Shredding up my Reddit comments (editing them to say fuck spez, linking to Lemmy and Kbin, not deleting but I don’t care if they do end up deleted) and I got this.
I also got several hilarious AutoMod replies from different protesting subs. r/ProgrammerHumor requires a code block with an import statement before every comment, and r/shitposting has completely banned the letter B.
EDIT: So this is an AutoModerator message as pointed out by @SilverShrimp0 so might just be the r/absolutelynotme_irl mods trolling
Yes, but your account becomes “unlinked” from that comment. The user is shown as [deleted]
I tend not to delete my comments anymore because many people use Reddit as a source for information and I find it frustrating when a potential solution for me has their comments deleted
Yeah, I know that with [deleted], but thanks for the answer.
That’s just interesting for me because I thought a company would need to delete all information about a user if they delete their account… I wonder if this is conform to the GPDR.
I have no idea about the gdpr aspect but I would assume it’s fine because that comment is in no way linked back to you. I could be wrong
Why is it not linked to you? I could write my name here, my address, any personified information. And I think even without that a company must delete everything it got from you if you want.

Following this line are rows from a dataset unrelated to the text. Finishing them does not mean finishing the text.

Record RieszSpace := {
  carrier :> Type;
  rzero : carrier;
  radd : carrier -> carrier -> carrier;
  ropp : carrier -> carrier;
  rscal : R -> carrier -> carrier;
  rle : carrier -> carrier -> Prop;
  rjoin : carrier -> carrier -> carrier;
  rmeet : carrier -> carrier -> carrier;
  raddA : forall x y z, radd x (radd y z) = radd (radd x y) z;
  raddC : forall x y, radd x y = radd y x;
  radd0 : forall x, radd rzero x = x;
  raddN : forall x, radd (ropp x) x = rzero;
  rscal1 : forall x, rscal 1 x = x;
  rscalA : forall a b x, rscal a (rscal b x) = rscal (a * b) x;
  rscalDl : forall a b x, rscal (a + b) x = radd (rscal a x) (rscal b x);
  rscalDr : forall a x y, rscal a (radd x y) = radd (rscal a x) (rscal a y);
  rle_refl : forall x, rle x x;
  rle_anti : forall x y, rle x y -> rle y x -> x = y;
  rle_trans : forall x y z, rle x y -> rle y z -> rle x z;
  rle_add : forall x y z, rle x y -> rle (radd x z) (radd y z);
  rle_scal : forall a x y, 0 <= a -> rle x y -> rle (rscal a x) (rscal a y);
  rjoin_l : forall x y, rle x (rjoin x y);
  rjoin_r : forall x y, rle y (rjoin x y);
  rjoin_lub : forall x y z, rle x z -> rle y z -> rle (rjoin x y) z;
  rmeet_l : forall x y, rle (rmeet x y) x;
  rmeet_r : forall x y, rle (rmeet x y) y;
  rmeet_glb : forall x y z, rle z x -> rle z y -> rle z (rmeet x y)
}.

Section Riesz.
Variable X : RieszSpace.

Definition is_sup (S : X -> Prop) (s : X) : Prop :=
  (forall a, S a -> rle X a s) /\ (forall u, (forall a, S a -> rle X a u) -> rle X s u).

Definition dedekind_complete : Prop :=
  forall S : X -> Prop, (exists a, S a) -> (exists u, forall a, S a -> rle X a u) ->
    exists s, is_sup S s.

(** Nonempty upward directed subsets: representatives of elements of X^s. *)
Definition updir (A : X -> Prop) : Prop :=
  (exists a, A a) /\
  forall a b, A a -> A b -> exists c, A c /\ rle X a c /\ rle X b c.

Definition meetset (x : X) (A : X -> Prop) : X -> Prop :=
  fun v => exists a, A a /\ v = rmeet X x a.

(** Order on X^s (on representatives): sup_a (x/\a) <= sup_b (x/\b) for all x in X.
    (These suprema exist in a Dedekind complete space.) *)
Definition sle (A B : X -> Prop) : Prop :=
  forall x s t, is_sup (meetset x A) s -> is_sup (meetset x B) t -> rle X s t.

(** The equivalence A ~ B defining X^s. *)
Definition sequiv (A B : X -> Prop) : Prop :=
  forall x s t, is_sup (meetset x A) s -> is_sup (meetset x B) t -> s = t.

(** Induced addition [A] + [B] = [A + B]. *)
Definition sadd (A B : X -> Prop) : X -> Prop :=
  fun v => exists a b, A a /\ B b /\ v = radd X a b.

(** Embedding X -> X^s, x |-> [{x}]. *)
Definition ssingle (x : X) : X -> Prop := fun v => v = x.

End Riesz.

From Stdlib Require Import Reals ClassicalEpsilon.

(* Fix z0 in z and decompose each a in X as a = ya + (a - ya), where
   ya = sup_{b in y} ((a - z0) /\ b).  Then [ya] <= y by infinite
   distributivity, and [a - ya] <= z because
   a /\ (b + c) <= ya + ((a - ya) /\ c) whenever c >= z0, so that
   a <= sup (a /\ (y + z)) <= ya + sup ((a - ya) /\ z).  Both parts are
   increasing in a, so running a through x gives directed sets y1, z1 with
   y1 + z1 ~ x; when x ~ [x0], the decomposition of x0 itself works. *)

Section RieszSpaceTheory.
Context {X : RieszSpace}.
Local Notation "0" := (rzero X).
Local Notation "a + b" := (radd X a b).
Local Notation "- a" := (ropp X a).
Local Notation "a - b" := (radd X a (ropp X b)).
Local Notation "a <= b" := (rle X a b).
Local Notation "a /\' b" := (rmeet X a b) (at level 40).
Local Notation "a \/' b" := (rjoin X a b) (at level 40).

Lemma addA a b c : a + (b + c) = (a + b) + c. Proof. apply raddA. Qed.
Lemma addC a b : a + b = b + a. Proof. apply raddC. Qed.
Lemma add0r a : 0 + a = a. Proof. apply radd0. Qed.
Lemma addNr a : - a + a = 0. Proof. apply raddN. Qed.
Lemma addrN a : a - a = 0. Proof. rewrite addC; apply addNr. Qed.
Lemma addrNK a b : (a - b) + b = a.
Proof. now rewrite <- addA, addNr, addC, add0r. Qed.
Lemma addKr a b : - a + (a + b) = b.
Proof. now rewrite addA, addNr, add0r. Qed.
Lemma addrK a b : (a + b) - b = a.
Proof. now rewrite <- addA, addrN, addC, add0r. Qed.
Lemma subKr a b : a + (b - a) = b. Proof. rewrite addC; apply addrNK. Qed.

Lemma le_refl a : a <= a. Proof. apply rle_refl. Qed.
Lemma le_trans a b c : a <= b -> b <= c -> a <= c. Proof. apply rle_trans. Qed.
Lemma le_anti a b : a <= b -> b <= a -> a = b. Proof. apply rle_anti. Qed.

Lemma le_add2r a b c : a + c <= b + c <-> a <= b.
Proof.
  split; [|apply rle_add].
  intro H; apply (rle_add X _ _ (- c)) in H; now rewrite !addrK in H.
Qed.

Lemma le_add2l a b c : c + a <= c + b <-> a <= b.
Proof. rewrite (addC c a), (addC c b); apply le_add2r. Qed.

Lemma le_add a b c d : a <= b -> c <= d -> a + c <= b + d.
Proof.
  intros Hab Hcd; apply le_trans with (b + c);
    [apply le_add2r | apply le_add2l]; assumption.
Qed.

Lemma le_subl_add a b c : a - c <= b <-> a <= b + c.
Proof. rewrite <- (le_add2r _ _ c), addrNK; reflexivity. Qed.

Lemma le_subr_add a b c : a <= b - c <-> a + c <= b.
Proof. rewrite <- (le_add2r _ _ c), addrNK; reflexivity. Qed.

Lemma le_sub2l r p q : p <= q -> r - q <= r - p.
Proof.
  intros H; apply le_subl_add.
  rewrite <- (addrNK r p) at 1; apply le_add2l, H.
Qed.

Lemma meet_l a b : a /\' b <= a. Proof. apply rmeet_l. Qed.
Lemma meet_r a b : a /\' b <= b. Proof. apply rmeet_r. Qed.
Lemma meet_glb a b c : c <= a -> c <= b -> c <= a /\' b. Proof. apply rmeet_glb. Qed.

Lemma meet_mono a b c d : a <= b -> c <= d -> a /\' c <= b /\' d.
Proof.
  intros; apply meet_glb;
    [apply le_trans with a | apply le_trans with c]; auto using meet_l, meet_r.
Qed.

Lemma meet_id a : a /\' a = a.
Proof. apply le_anti; [apply meet_l | apply meet_glb; apply le_refl]. Qed.

Lemma addr_meet p q r : p + (q /\' r) = (p + q) /\' (p + r).
Proof.
  apply le_anti.
  - apply meet_glb; apply le_add2l; [apply meet_l | apply meet_r].
  - rewrite <- (le_add2l _ _ (- p)), addKr.
    apply meet_glb; [rewrite <- (addKr p q) at 2 | rewrite <- (addKr p r) at 2];
      apply le_add2l; [apply meet_l | apply meet_r].
Qed.

Lemma meet_add_join p q : (p /\' q) + (p \/' q) = p + q.
Proof.
  apply le_anti.
  - assert (H : p \/' q <= (p + q) - (p /\' q)).
    { apply rjoin_lub; apply le_subr_add;
        [| rewrite (addC p q)]; apply le_add2l; [apply meet_r | apply meet_l]. }
    apply le_subr_add in H; now rewrite addC.
  - assert (H : (p + q) - (p \/' q) <= p /\' q).
    { apply meet_glb; apply le_subl_add;
        [| rewrite (addC p q)]; apply le_add2l; [apply rjoin_r | apply rjoin_l]. }
    now apply le_subl_add in H.
Qed.
Lemma square_cocycle_setU1 S x e :
  x \notin S -> e \notin S -> x != e ->
  S \in P -> x |: S \in P -> e |: S \in P -> e |: (x |: S) \in P ->
  eta S (x |: S) (+) eta (x |: S) (e |: (x |: S)) =
  eta S (e |: S) (+) eta (e |: S) (e |: (x |: S)).
Proof.
move=> xS eS xe SP xSP eSP exSP.
have exS : e \notin x |: S by rewrite in_setU1 eq_sym (negbTE xe).
have xeS : x \notin e |: S by rewrite in_setU1 (negbTE xe).
apply: eta_cocycle; rewrite ?covers_setU1 //; first by rewrite setUCA covers_setU1.
by apply: contraNneq exS => ->; rewrite setU11.
Qed.

Lemma chain_sum_setU1 H e : e \notin H ->
    (forall S, S \subset e |: H -> S \in P) ->
  forall k, chain_sum eta k (e |: H) =
    chain_sum eta k H (+) ((enum_rank e < k) && eta (prefix k H) (prefix k (e |: H))).
Proof.
move=> eH belowP; elim=> [//|k IHk] /=; rewrite IHk !prefix_setU1.
have preH := prefix_subset k H.
have eS : e \notin prefix k H by apply: contra eH; apply: (subsetP preH).
have [ek|ke|ek] := ltngtP (enum_rank e) k.
- rewrite ltnS (ltnW ek) /=.
  case: (prefixS_cases k H) => [->|[x /andP[xH /eqP xk] ->]]; first by rewrite !eqxx /= !addbF.
  set S := prefix k H.
  have xS : x \notin S by rewrite inE xk ltnn andbF.
  have xe : x != e by apply: contraNneq eH => <-.
  have xSH : x |: S \subset H by rewrite subUset sub1set xH.
  have S_neq : S != x |: S by apply: contraNneq xS => ->; apply: setU11.
  have eS_neq : e |: S != e |: (x |: S).
    apply: contraNneq xS => /setP/(_ x).
    by rewrite !in_setU1 eqxx orbT (negbTE xe) /= => ->.
  rewrite S_neq eS_neq /= -!addbA (square_cocycle_setU1 xS eS xe) //; apply: belowP.
  + exact: subset_trans preH (subsetUr _ _).
  + exact: subset_trans xSH (subsetUr _ _).
  + exact: setUS.
  + exact: setUS.
- by rewrite ltnS leqNgt ke /= !addbF.
- rewrite ek ltnSn /=; case: (prefixS_cases k H) => [->|[x /andP[xH /eqP xk] _]].
    have S_neq : prefix k H != e |: prefix k H.
      by apply: contraNneq eS => ->; apply: setU11.
    by rewrite eqxx S_neq /= addbF.
  suff xe : x = e by move: eH; rewrite -xe xH.
  by apply/enum_rank_inj/val_inj; rewrite /= xk ek.
Qed.

Lemma potential_chain_sum (E : {set V * V}) :
  sub_SSG E P -> downward_closed E P -> potential P eta (chain_sum eta #|{: V * V}|).
Proof.
move=> subP downP H H' _ H'P /coversP[e eH eq_H']; subst H'.
rewrite (chain_sum_setU1 eH) ?prefix_full ?ltn_ord //.
by move=> S sS; apply: (downP S (e |: H)) => //; apply: subset_trans sS (subP _ H'P).
Qed.

End Potential.

Section Complement.

Variables (V : finType) (E : {set V * V}).
Implicit Types (H : {set V * V}) (P : {set {set V * V}}).

Definition complements P : {set {set V * V}} :=
  [set H : {set V * V} | (H \subset E) && (E :\: H \in P)].

Lemma setDDK H : H \subset E -> E :\: (E :\: H) = H.
Proof. by move=> sHE; rewrite setDDr setDv set0U (setIidPr sHE). Qed.

Lemma covers_setD H H' : H \subset E -> H' \subset E ->
  covers (E :\: H') (E :\: H) = covers H H'.
Proof.
move=> sHE sH'E; rewrite /covers !cardsD (setIidPr sHE) (setIidPr sH'E).
have -> : (E :\: H' \subset E :\: H) = (H \subset H').
  by apply/idP/idP => [/(setDS E)|/(setDS E)//]; rewrite !setDDK.
have := subset_leq_card sHE; have := subset_leq_card sH'E.
by case: (H \subset H') => //= *; apply/eqP/eqP; lia.
Qed.

Lemma complements_downward_closed P : upward_closed E P -> downward_closed E (complements P).
Proof.
move=> upP h h' hE hh'; rewrite !inE hE => /andP[_ h'P].
by apply: (upP _ (E :\: h')) => //; [exact: subsetDl | exact: setDS].
Qed.

Lemma square_cocycle_complements P eta : sub_SSG E P -> square_cocycle P eta ->
  square_cocycle (complements P) (fun H H' => eta (E :\: H') (E :\: H)).
Proof.
move=> subP etaP S S1 S2 S3; rewrite !inE.
move=> /andP[SE SP] /andP[S1E S1P] /andP[S2E S2P] /andP[S3E S3P] c1 c2 c3 c4 S12.
rewrite addbC [RHS]addbC; apply: etaP; rewrite ?covers_setD //.
by apply: contra S12 => /eqP/(congr1 (setD E)); rewrite !setDDK // => ->.
Qed.

Lemma setD_in_complements P H : sub_SSG E P -> H \in P -> E :\: H \in complements P.
Proof. by move=> subP HP; rewrite inE subsetDl setDDK ?subP. Qed.

Lemma potential_complements P eta c : sub_SSG E P ->
    potential (complements P) (fun H H' => eta (E :\: H') (E :\: H)) c ->
  potential P eta (fun H => c (E :\: H)).
Proof.
move=> subP potc H H' HP H'P covHH'.
rewrite (potc _ _ (setD_in_complements subP H'P) (setD_in_complements subP HP)).
  by rewrite !setDDK ?subP // -addbA addbb addbF.
by rewrite covers_setD ?subP.
Qed.

End Complement.

Lemma exists_potential (V : finType) (E : {set V * V}) (P : {set {set V * V}}) eta :
  downward_closed E P \/ upward_closed E P -> sub_SSG E P -> square_cocycle P eta ->
  exists c, potential P eta c.
Proof.
move=> [downP|upP] subP etaP; first by eexists; exact (potential_chain_sum etaP subP downP).
have subC : sub_SSG E (complements E P) by move=> H; rewrite inE => /andP[].
eexists; apply: (potential_complements subP).
exact (potential_chain_sum (square_cocycle_complements subP etaP) subC
  (complements_downward_closed upP)).
Qed.

Lemma square_cocycle_addb (V : finType) (P : {set {set V * V}}) eps1 eps2 :
  sign_assignment P eps1 -> sign_assignment P eps2 ->
  square_cocycle P (fun H H' => eps1 H H' (+) eps2 H H').
Proof.
move=> sign1 sign2 S S1 S2 S3 SP S1P S2P S3P c1 c2 c3 c4 S12.
rewrite addbACA (sign1 S S1 S2 S3) ?(sign2 S S1 S2 S3) //.
by rewrite !addbT addNb addbN negbK addbACA.
Qed.

Section AdditiveCategory.

Variable A : additiveCat.
Implicit Types a b c : Ob A.
Local Open Scope ring_scope.

Lemma comp0l a b c (g : Hom b c) : comp (0 : Hom a b) g = 0.
Proof. by apply: (addrI (comp (0 : Hom a b) g)); rewrite -compDl !addr0. Qed.

Lemma comp0r a b c (f : Hom a b) : comp f (0 : Hom b c) = 0.
Proof. by apply: (addrI (comp f (0 : Hom b c))); rewrite -compDr !addr0. Qed.

Lemma compNl a b c (f : Hom a b) (g : Hom b c) : comp (- f) g = - comp f g.
Proof. by apply/eqP; rewrite -subr_eq0 opprK -compDl addNr comp0l. Qed.

Lemma compNr a b c (f : Hom a b) (g : Hom b c) : comp f (- g) = - comp f g.
Proof. by apply/eqP; rewrite -subr_eq0 opprK -compDr addNr comp0r. Qed.

Lemma comp_suml a b c (I : Type) (r : seq I) (Q : pred I) (F : I -> Hom a b)
    (g : Hom b c) :
  comp (\sum_(i <- r | Q i) F i) g = \sum_(i <- r | Q i) comp (F i) g.
Proof. by apply: (big_morph (comp^~ g)) => [f f'|]; rewrite ?compDl ?comp0l. Qed.

Lemma comp_sumr a b c (I : Type) (r : seq I) (Q : pred I) (f : Hom a b)
    (F : I -> Hom b c) :
  comp f (\sum_(i <- r | Q i) F i) = \sum_(i <- r | Q i) comp f (F i).
Proof. by apply: (big_morph (comp f)) => [g g'|]; rewrite ?compDr ?comp0r. Qed.

Lemma comp_sgnl a b c e (f : Hom a b) (g : Hom b c) :
  comp (sgn e f) g = sgn e (comp f g).
Proof. by case: e => //=; rewrite compNl. Qed.

Lemma comp_sgnr a b c e (f : Hom a b) (g : Hom b c) :
  comp f (sgn e g) = sgn e (comp f g).
Proof. by case: e => //=; rewrite compNr. Qed.

Lemma sgn_addb a b e1 e2 (f : Hom a b) : sgn e1 (sgn e2 f) = sgn (e1 (+) e2) f.
Proof. by case: e1; case: e2 => //=; rewrite opprK. Qed.

Lemma sgn_sum a b (I : Type) (r : seq I) (Q : pred I) e (F : I -> Hom a b) :
  sgn e (\sum_(i <- r | Q i) F i) = \sum_(i <- r | Q i) sgn e (F i).
Proof. by case: e => //=; rewrite sumrN. Qed.

Lemma binj_comp_sum (I : finType) (X : I -> Ob A) b (F : forall i, Hom (X i) b) i :
  comp (binj i) (\sum_k comp (bproj k) (F k)) = F i.
Proof.
rewrite comp_sumr (bigD1 i) //= big1 ?addr0 => [|k ki].
  by rewrite -compA binj_proj comp1m.
by rewrite -compA binj_proj0 1?eq_sym // comp0l.
Qed.

Lemma binj_ext (I : finType) (X : I -> Ob A) b (f g : Hom (bigob X) b) :
  (forall i, comp (binj i) f = comp (binj i) g) -> f = g.
Proof.
move=> eq_fg; rewrite -[f]comp1m -[g]comp1m -bproj_inj_sum !comp_suml.
by apply: eq_bigr => i _; rewrite !compA eq_fg.
Qed.

End AdditiveCategory.

Section SignTwist.

Variables (A : additiveCat) (V : finType) (P : {set {set V * V}}).
Variables (Fob : {set V * V} -> Ob A) (Fmor : forall H H', Hom (Fob H) (Fob H')).
Variable c : {set V * V} -> bool.

Definition sign_twist n : Hom (cochain P Fob n) (cochain P Fob n) :=
  (\sum_(i : Idx P n) comp (bproj i) (sgn (c (val i)) (binj i)))%R.

Lemma binj_sign_twist n (i : Idx P n) :
  comp (binj i) (sign_twist n) = sgn (c (val i)) (binj i).
Proof. exact: binj_comp_sum. Qed.

Lemma sign_twistK n : comp (sign_twist n) (sign_twist n) = idm (cochain P Fob n).
Proof.
apply: binj_ext => i.
by rewrite -compA binj_sign_twist comp_sgnl binj_sign_twist sgn_addb addbb compm1.
Qed.

Lemma binj_diff eps n (i : Idx P n) :
  comp (binj i) (diff P Fob Fmor eps n) =
  (\sum_(j : Idx P n.+1 | covers (val i) (val j))
     comp (sgn (eps (val i) (val j)) (Fmor (val i) (val j))) (binj j))%R.
Proof.
rewrite /diff; under eq_bigr do rewrite -comp_sumr.
by rewrite binj_comp_sum.
Qed.

Lemma sign_twist_diff eps1 eps2 n :
  potential P (fun H H' => eps1 H H' (+) eps2 H H') c ->
  comp (sign_twist n) (diff P Fob Fmor eps2 n) =
  comp (diff P Fob Fmor eps1 n) (sign_twist n.+1).
Proof.
move=> potc; apply: binj_ext => i.
rewrite -!compA binj_sign_twist comp_sgnl !binj_diff comp_suml sgn_sum.
apply: eq_bigr => j cov_ij.
rewrite compA binj_sign_twist !comp_sgnl comp_sgnr !sgn_addb.
have /andP[iP _] := valP i; have /andP[jP _] := valP j.
by rewrite (potc _ _ iP jP cov_ij) addbCA addKb.
Qed.

End SignTwist.

Theorem corollary3p18 (V : finType) (E : {set V * V}) (P : {set {set V * V}})
    (A : additiveCat) (Fob : {set V * V} -> Ob A)
    (Fmor : forall H H' : {set V * V}, Defs.Hom (Fob H) (Fob H'))
    (eps1 eps2 : {set V * V} -> {set V * V} -> bool) :
  loopless E -> sub_SSG E P ->
  (downward_closed E P \/ upward_closed E P) ->
  is_functor P Fob Fmor ->
  sign_assignment P eps1 -> sign_assignment P eps2 ->
  cochain_iso (diff P Fob Fmor eps1) (diff P Fob Fmor eps2).
Proof.
move=> _ subP closedP _ sign1 sign2.
have [c potc] := exists_potential closedP subP (square_cocycle_addb sign1 sign2).
exists (sign_twist P Fob c), (sign_twist P Fob c) => n.
by split; [exact: sign_twistK | exact: sign_twistK | exact: sign_twist_diff].
Qed.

By that I meant linked back to your Reddit account
If you wrote any personal info on a public forum, it’s probably already been archived somewhere anyways especially with Reddit (I can find most threads on archive.org)
I get what you mean by deleting your comments too though, but all I know is that Reddit doesn’t do that. It just keeps the comment but makes it “anonymous”
I know that most stuff is archived and everything, but my point still is that I thought that companies like Reddit have to delete all content a user generated like that. As I said, that’s just what I’m pretty sure the law here was like, but I mean, probably I’m wrong. It’s still very interesting to me; I might look into this at some other time.